History of the Institut

The Institut pour la démocratie was founded in Paris in 1986 to help better understand the origins of the deficiencies of the French political system and identify the remedies liable to put the country back on track. Given that a number of its inhabitants had doubts as to the democratic character of the regime, the aim was to take into account the latest findings of political research in order to measure, so to speak, the gaps between theory and practice.
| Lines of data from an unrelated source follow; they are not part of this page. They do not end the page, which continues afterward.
Lemma sum_unshift_step w :
  \sum_z step_weight (unshift z w).1 (unshift z w).2 *
    shift_factor (unshift z w).1 (unshift z w).2 = window_law w.
Proof.
under eq_bigr => z _ do rewrite /shift_factor shift_unshift thead_unshift.
transitivity (\sum_z pi z / r z * Phi z w.1 * (path_prod Q w.1.2 w.2 * path_weight w.1 w.2)).
  apply: eq_bigr => z _; have pw_neq0 := lt0r_neq0 (path_weight_gt0 z (belast w.1.2 w.2)).
  transitivity (pi z / r z * (path_prod Q z.2 (belast w.1.2 w.2) *
    Q (last z.2 (belast w.1.2 w.2)) (last w.1.2 w.2)) *
    P z.1 w.1.1 * tilt w.1.1 w.1.2 * path_weight w.1 w.2).
    by rewrite /step_weight /window_law /=; field; rewrite ?r_neq0 ?pw_neq0.
  by rewrite path_prod_belast PhiE; ring.
by rewrite -mulr_suml pi_div_r_Phi /window_law; ring.
Qed.

Lemma sum_shift_step_shift (G : window m.+1 -> R) :
  \sum_(o : step) step_weight o.1 o.2 * shift_factor o.1 o.2 *
    G (shift o.1 o.2) = expect_window G.
Proof.
rewrite (reindex (fun p => unshift p.1 p.2)); last first.
  exists (fun o => (o.1.1, shift o.1 o.2)) => [[z w] _ | o _].
    by rewrite shift_unshift.
  by rewrite unshift_shift -!surjective_pairing.
under eq_bigr do rewrite shift_unshift.
rewrite sum_pair exchange_big /=; apply: eq_bigr => w _.
by rewrite -mulr_suml sum_unshift_step.
Qed.

Lemma sum_restart_step :
  \sum_(o : step) step_weight o.1 o.2 * restart_factor o.1 o.2 = 1.
Proof.
rewrite -(expect_window1 m.+1) sum_pair; apply: eq_bigr => w _.
rewrite mulr1 -[RHS]mulr1 -(Rstar_rows1 (r_neq0 (w.1.1, last w.1.2 w.2)) (r_eigen _)).
rewrite big_distrr; apply: eq_bigr => z' _.
by rewrite /step_weight /restart_factor /Rstar PhiE /=; ring.
Qed.

Lemma ln_restart_shift w z' :
  ln (restart_factor w z') - ln (shift_factor w z') =
  th * gain (shift w z') + potential (shift w z') - potential w.
Proof.
case: z' => x' y'; rewrite /restart_factor /shift_factor /gain /potential /= last_rcons.
rewrite !ln_div ?lnM ?posrE ?mulr_gt0 ?tilt_gt0 ?r_gt0 ?path_weight_gt0 //.
by rewrite /tilt !expRK; ring.
Qed.

Lemma sum_step_ln_ratio :
  \sum_(o : step) step_weight o.1 o.2 * shift_factor o.1 o.2 *
    (ln (restart_factor o.1 o.2) - ln (shift_factor o.1 o.2)) =
  th * (lagged_expect Rs pi f m.+1 - expect pi (fun z => f z.1 z.2)).
Proof.
under eq_bigr do rewrite ln_restart_shift mulrBr mulrDr.
rewrite sumrB big_split /= sum_shift_step_shift sum_shift_step addrK.
under eq_bigr do rewrite mulrCA.
by rewrite -big_distrr /= sum_shift_step_shift expect_window_gain.
Qed.

Lemma lagged_lt_of_step o : 0 < th ->
  0 < step_weight o.1 o.2 -> restart_factor o.1 o.2 != shift_factor o.1 o.2 ->
  lagged_expect Rs pi f m.+1 < expect pi (fun z => f z.1 z.2).
Proof.
move=> th_gt0 step_gt0 factor_neq.
have step_mass : \sum_(o : step) step_weight o.1 o.2 * shift_factor o.1 o.2 = 1.
  by rewrite -(expect_window1 m.+1) -sum_shift_step; apply: eq_bigr => o' _; rewrite mulr1.
have := gibbs_lt (fun o => step_weight_ge0 o.1 o.2) (fun o => shift_factor_gt0 o.1 o.2)
  (fun o => restart_factor_gt0 o.1 o.2) step_gt0 factor_neq.
by rewrite sum_step_ln_ratio sum_restart_step step_mass subrr pmulr_rlt0 // subr_lt0.
Qed.

End Step.

Section Cycle.
Variables (m n : nat) (xs ys : nat -> E).
Hypotheses (n_gt0 : (0 < n)%N) (xs_cycle : is_cycle P n xs) (ys_cycle : is_cycle Q n ys).
Hypotheses (P_irr : irreducible P) (Q_irr : irreducible Q) (P_aper : aperiodic P).
Hypothesis th_gt0 : 0 < th.

Let X k := xs (k %% n)%N.
Let Y k := ys (k %% n)%N.

Definition cycle_window k : window m.+1 :=
  ((X k, Y k), [tuple of mkseq (fun i => Y (k + i.+1)%N) m.+1]).

Definition cycle_step k : E * E := (X k.+1, Y (k + m.+2)%N).

Lemma shift_cycle_window k : shift (cycle_window k) (cycle_step k) = cycle_window k.+1.
Proof.
rewrite /shift /cycle_window /cycle_step /=; congr (_, _).
  by rewrite /thead (tnth_nth (Y 0%N)) nth_mkseq // addn1.
apply: val_inj => /=; rewrite [RHS]mkseqS addSnnS; congr rcons.
by rewrite /mkseq /= (iotaDl 1 0 m) -map_comp; apply: eq_map => i /=; rewrite add1n addSnnS.
Qed.

Lemma cycle_window_periodic k : cycle_window (k + n)%N = cycle_window k.
Proof.
rewrite /cycle_window /X /Y !modnDr; congr (_, _); apply: val_inj => /=.
by apply: eq_mkseq => i; rewrite addnAC modnDr.
Qed.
This approach had been made possible since a research director at the C.N.R.S., historian, philosopher and sociologist Jean Baechler, the principal disciple of Raymond Aron, had published a work of reference entitled Démocraties (ed. Calmann-Lévy, 1985). Because a general theory may be drawn from the observation of political life throughout time and the history of mankind is known at last, enabling us to consider the latter as a laboratory, it is possible to demonstrate why democracy is the regime naturally suiting the human species. Moreover, archeology gives the means to check that its rules were abided by in paleolithic ages, before the situation deteriorated with the emergence, in a second phase of history, of kingdoms and empires.
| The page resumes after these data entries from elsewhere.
(* Assume the setting below. Let $u(t,x)$ be a solution of the mature-population equation that spreads with speed $c^*/T$, i.e. $\lim_{t\to\infty}\sup_{|x|\ge ct}u(t,x)=0$ for $c>c^*/T$ and $\lim_{t\to\infty}\sup_{|x|\le ct}|u(t,x)-\bar u(t)|=0$ for $c\in(0,c^*/T)$. Let $v$ be the solution of $$\partial_tv=D_I(t)\partial_{xx}v-d_I(t)v+b(t,u(t,x))-R\big(t,u(t-\tau(t),\cdot)\big)(x)$$ with a bounded initial value $v(0,\cdot)$. Then $\lim_{t\to+\infty}\sup_{|x|\ge ct}v(x,t)=0$ for every $c>c^*/T$, and $\lim_{t\to+\infty}\sup_{|x|\le ct}|v(x,t)-\bar v(t)|=0$ for every $c\in(0,c^*/T)$.
   Context: Setting: $T>0$; $D_M,D_I\ge0$, $d_M,d_I>0$, $\tau>0$, $p\ge0$ are $C^1$ $T$-periodic; $h\in C^1([0,\infty);[0,\infty))$; $b(t,u)=p(t)h(u)$; $0<\alpha\le\beta<t_\alpha\le t_\beta<T$ with $t_\alpha-\tau(t_\alpha)=\alpha$, $t_\beta-\tau(t_\beta)=\beta$, $p=0$ on $[0,\alpha]\cup[\beta,T]$; $\tau'<1$; $h(0)=0$, $h(z)\to0$ as $z\to\infty$, $h$ increasing on $[0,z^* )$ and decreasing on $[z^*,\infty)$; $h(\lambda z)\ge\lambda h(z)$, $\lambda\in(0,1)$; $L>1$; $h$ nondecreasing on $[0,u^*]$. $k_I,k_M$ are the Green functions of $\partial_t\rho=D_I(t)\rho_{xx}-d_I(t)\rho$, resp. with $D_M,d_M$. $R(t,\phi)(x)=(1-\tau'(t))(k_I(t,t-\tau(t),\cdot)*b(t-\tau(t),\phi))(x)$. The mature-population equation is $\partial_tu=D_M(t)u_{xx}-d_M(t)u+R(t,u(t-\tau(t),\cdot))(x)$, with solutions determined by $u(0,\cdot)$; $Q$ is its time-$T$ map, $u^*$ the minimal positive fixed point of $Q$ restricted to constants, $\bar u(t)$ the ($T$-periodic) solution with $u(0)\equiv u^*$, and $c^*>0$ the spreading speed of $Q$. $L=\frac{\overline{k}_M(T,0)}{1-\overline{k}_M(T,0)}\int_{t_\alpha}^{t_\beta}\frac{(1-\tau'(s))e^{-\int_{s-\tau(s)}^sd_I}p(s-\tau(s))h'(0)}{\overline{k}_M(s,s-\tau(s))}ds$ with $\overline{k}_M(t,s)=e^{-\int_s^td_M}$. $\bar v(t)$ is the unique nontrivial bounded $T$-periodic, spatially constant solution of the $v$-equation with $u\equiv\bar u(t)$; explicitly $\bar v(t)=\int_0^te^{-\int_s^td_I}\big[b(s,\bar u(s))-R(s,\bar u(s-\tau(s)))\big]ds$. *)

From Stdlib Require Import Reals.
From Coquelicot Require Import Coquelicot.
Open Scope R_scope.

Definition periodic (T : R) (f : R -> R) : Prop := forall t, f (t + T) = f t.

Definition isC1 (f : R -> R) : Prop :=
  forall t, ex_derive f t /\ continuous (Derive f) t.

Definition jcont_on (w : R -> R -> R) : Prop :=
  forall t x, 0 <= t -> forall eps, 0 < eps -> exists del, 0 < del /\
    forall t' x', 0 <= t' -> Rabs (t' - t) < del -> Rabs (x' - x) < del ->
      Rabs (w t' x' - w t x) < eps.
The mainsprings of democracy eventually cropped up again from the depths of the European society in the Middle Ages. This had nothing to do with Ancient Greece : they were released again by the feudal contact, a phenomenon also observed in Japan. The so-called democratic regimes are therefore the products of both empiricism and the slow evolution of the institutions over a thousand years, notwithstanding some brutal accelerations. It was necessary to wait until dysfunctions appeared in contemporary regimes, however, for the democratic model to eventually stand out in broad daylight in all its rationality, validated by experience and also by the use of finer concepts and analysis tools allowing to give a more precise account of reality.

Since it had become possible to drastically overhaul the case of France, the Institut pour la démocratie in 2011 published the book entitled Relever la France, les dix remèdes [Raising France again, the ten remedies], the teachings of which can apply to most countries. The work of reflection on the necessity to incorporate major philosophical principles in the best possible way into institutions under domestic law delineates the domain of political engineering, of which the Institut pour la démocratie has become one of the pioneers. Armed with a measurement device, contemporary countries will be able to accelerate their democratic mutation, all the more so since the citizens will at last have the keys to the worldwide system at their disposal. This mutation, however, will never be totally achieved, since perfection is beyond mankind’s reach.